Les études menées auprès de jumeaux prédisent une héritabilité (voir la page sur l’héritabilité) de l’ordre de 50% des capacités cognitives. Néanmoins, les variantes génétiques identifiées à ce jour n’expliquent que quelques pourcents des fluctuations de quotient intellectuel observées. Les 74 loci identifiés en 2016 ne permettent de rendre compte que d’un écart chiffré à 9 semaines d’école.
Au total, ces 74 variations seraient responsables de 0,43% des écarts de niveau d’étude. Par ailleurs si l’on isole une seule variation, même la plus significative, son impact n’atteint que les 0,035%. De nombreux scientifiques, comme Daniel Benjamin (Université de Californie du Sud, Los Angeles) qui a participé à l’étude, rappellent qu’il serait malvenu de parler de gènes de l’éducation quand l’apport de la génétique est largement dépassé par d’autres facteurs, notamment environnementaux. Arthur Caplan regrette lui que ces résultats focalisent l’attention au détriment de facteurs prépondérants et connus comme la taille des classes, l’alimentation ou le nombre de professeurs.
Les conclusions de Daniel Benjamin rejoignent celles de plusieurs études qui identifient des grappes de gènes. Ainsi, en février 2016, Robert Plomin et trois chercheurs ont mis en avant que l’ensemble des compétences évaluées à l’école étaient influencées par les mêmes variations génétiques. Daniel Benjamin avançait ainsi que des milliers de variations étaient à l’oeuvre pour expliquer les 50% prédits par les études sur les jumeaux. Mais devant l’absence d’identification des gènes certains préfèrent ne pas aller trop vite, à l’image de John Hardy (University College London) qui ne veut pas fonder de politiques éducatives sur les résultats des études de jumeaux à l’heure actuelle.
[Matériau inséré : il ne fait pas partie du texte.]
Definition Omega (pib : nat -> nat -> nat) (d : nat) : 'M[int]_d :=
  \matrix_(i < d, j < d) omega_entry (pib d) i.+1 j.+1.

Definition form (pib : nat -> nat -> nat) (d : nat) (u v : 'rV[int]_d) : int :=
  (u *m Omega pib d *m v^T) 0 0.

Definition Omega_closed (pib : nat -> nat -> nat) (d : nat)
    (X : 'rV[int]_d -> Prop) : Prop :=
  (forall v, X v <-> X (- v)) /\
  (forall v w, X v -> X w -> form pib d v w = 1 -> X (v + w) /\ X (v - w)).

Definition Omega_closure (pib : nat -> nat -> nat) (d : nat)
    (Y : 'rV[int]_d -> Prop) (v : 'rV[int]_d) : Prop :=
  forall X, Omega_closed pib d X -> (forall y, Y y -> X y) -> X v.

Definition e_vec (d : nat) (i : 'I_d) : 'rV[int]_d := delta_mx 0 i.

Definition canonical_basis (d : nat) (v : 'rV[int]_d) : Prop :=
  exists i : 'I_d, v = e_vec d i.

Definition alt_vec (d beta : nat) : 'rV[int]_d :=
  \row_(i < d) (if (i.+1 <= beta)%N then (-1) ^+ i.+1 else 0).

(* Above the diagonal, Omega^(d) is +1 except on the zero block of rows {2,3} and
   columns {4,...,k}, where k = 5 for tau and k = 7 for sigma; in particular rows 2
   and 3 agree on every column a >= 4.  Hence, for even n >= 4, the vector
   v_n = sum_(a <= n) (-1)^a e_a satisfies <e_1, v_n> = <e_n, v_n> = 1, also
   <e_(n-1), v_n> = 1 if n >= 6, and <e_a, v_n> = 0 for every a > n.  These pairings
   are enough to obtain v_(n+4) from e_1, e_(n-1), ..., e_(n+4) and v_n by a fixed
   sequence of closure operations, so the theorem follows by induction from
   v_2 = -(e_1 - e_2) and from v_6, whose derivation depends on the exact shape of
   tau or sigma. *)

From mathcomp Require Import all_boot all_order all_algebra zify ring.
Import Order.TTheory GRing.Theory Num.Theory.
Local Open Scope ring_scope.

Section FormAlgebra.
Variables (pib : nat -> nat -> nat) (d : nat).
Implicit Types (u v w : 'rV[int]_d).
Local Notation form := (form pib d).

Lemma formDl u v w : form (u + v) w = form u w + form v w.
Proof. by rewrite /form !mulmxDl mxE. Qed.

Lemma formDr u v w : form u (v + w) = form u v + form u w.
Proof. by rewrite /form raddfD mulmxDr mxE. Qed.

Lemma formNl u w : form (- u) w = - form u w.
Proof. by rewrite /form !mulNmx mxE. Qed.

Lemma formNr u w : form u (- w) = - form u w.
Proof. by rewrite /form raddfN mulmxN mxE. Qed.

Lemma omega_entryC (f : nat -> nat) a b : omega_entry f a b = - omega_entry f b a.
Proof. by rewrite /omega_entry; repeat case: ifP; lia. Qed.

Lemma tr_Omega : (Omega pib d)^T = - Omega pib d.
Proof. by apply/matrixP => i j; rewrite !mxE omega_entryC. Qed.

Lemma formC u w : form u w = - form w u.
Proof.
rewrite /form -[in RHS]trace_mx11 -mxtrace_tr -trace_mx11.
by rewrite !trmx_mul trmxK tr_Omega mulNmx mulmxN raddfN opprK mulmxA.
Qed.

Lemma formxx u : form u u = 0.
Proof. have := formC u u; lia. Qed.

End FormAlgebra.

Section OmegaClosed.
Context {pib : nat -> nat -> nat} {d : nat} {X : 'rV[int]_d -> Prop}.
Hypothesis closedX : Omega_closed pib d X.

Lemma Omega_closedN v : X v -> X (- v).
Proof. by case: closedX => /(_ v) []. Qed.

Lemma Omega_closedD u w : X u -> X w -> form pib d u w = 1 -> X (u + w).
Proof. by case: closedX => _ closedDB Xu Xw /(closedDB _ _ Xu Xw) []. Qed.

Lemma Omega_closedB u w : X u -> X w -> form pib d u w = 1 -> X (u - w).
Proof. by case: closedX => _ closedDB Xu Xw /(closedDB _ _ Xu Xw) []. Qed.

End OmegaClosed.

Lemma Omega_closure_closed pib d Y : Omega_closed pib d (Omega_closure pib d Y).
Proof.
split=> [v | v w Xv Xw vw1]; [split=> Xv X closedX XY | split=> X closedX XY].
- by apply: (Omega_closedN closedX); apply: Xv.
- by rewrite -[v]opprK; apply: (Omega_closedN closedX); apply: Xv.
- by apply: (Omega_closedD closedX) vw1; [apply: Xv | apply: Xw].
- by apply: (Omega_closedB closedX) vw1; [apply: Xv | apply: Xw].
Qed.

Lemma Omega_closure_sub pib d (Y : 'rV[int]_d -> Prop) v :
  Y v -> Omega_closure pib d Y v.
Proof. by move=> Yv X _; apply. Qed.

(* Proves [X t] by reading the term [t] as a derivation tree: each [- _], [_ - _],
   [_ + _] is one closure operation, [gram] proves the pairings equal to 1 and
   [leaf] the membership of the leaves.  Since [x - y] is also [x + - y], both
   readings are tried. *)
Ltac Omega_derive closedX leaf gram :=
  match goal with
  | |- _ (- _) => apply: (Omega_closedN closedX); Omega_derive closedX leaf gram
  | |- _ (_ - _) => apply: (Omega_closedB closedX);
      [Omega_derive closedX leaf gram | Omega_derive closedX leaf gram | solve [gram]]
  | |- _ (_ + _) => apply: (Omega_closedD closedX);
      [Omega_derive closedX leaf gram | Omega_derive closedX leaf gram | solve [gram]]
  | |- _ => leaf
  end.

Section OmegaClosedExtend.
Context {pib : nat -> nat -> nat} {d : nat} {X : 'rV[int]_d -> Prop}.
Hypothesis closedX : Omega_closed pib d X.
Local Notation form := (form pib d).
D’autres comme Aravinda Chakravarti (Johns Hopkins University) vont plus loin, estimant que ces études sont inutiles : « There are so many KNOWN and POTENT reasons why people don’t achieve educational attainment that looking for genetic effects that are UNKNOWN and OF MINUSCULE EFFECT seems pointless, »2 rapporté dans The Verge. « Je suis fermement opposé à ces études, » a t-il fermement ajouté.
La dernière étape est aussi de comprendre comment les variations génétiques conduisent à des différences cognitives entre individus. D’autres disciplines travaillent à résoudre la question de l’identification des gènes en visant leur effet sur le développement cérébral notamment. Ainsi, l’imagerie cérébrale (voir la page gènes et cerveau) est une piste sérieuse pour pallier un manque de résultats qui disqualifie la discipline auprès de certains scientifiques.
Nos traductions :
1 « Pour moi, le danger de ce type de rapports est qu’ils masquent les causes évidentes et importantes de la capacité à progresser à l’école comme la sécurité des écoles, le nombre de professeurs, la taille des classes, l’alimentation, vous pouvez compléter la liste ! »
2« Il y a tellement de raisons connues et importantes qui expliquent l’échec scolaire que regarder les effets génétiques qui sont inconnus et d’une très faible influence paraît inutile »
3Les études de jumeaux sont à la base de la génétique comportementale, mais elles partent du postulat que nous traitons de la même manière les vrais jumeaux des faux jumeaux, ce qui est probablement faux. Ces résultats sont intéressants mais en aucun ils ne sont définitifs et de ce fait il serait peu sage de prendre des décisions d’éducation basées sur ces données.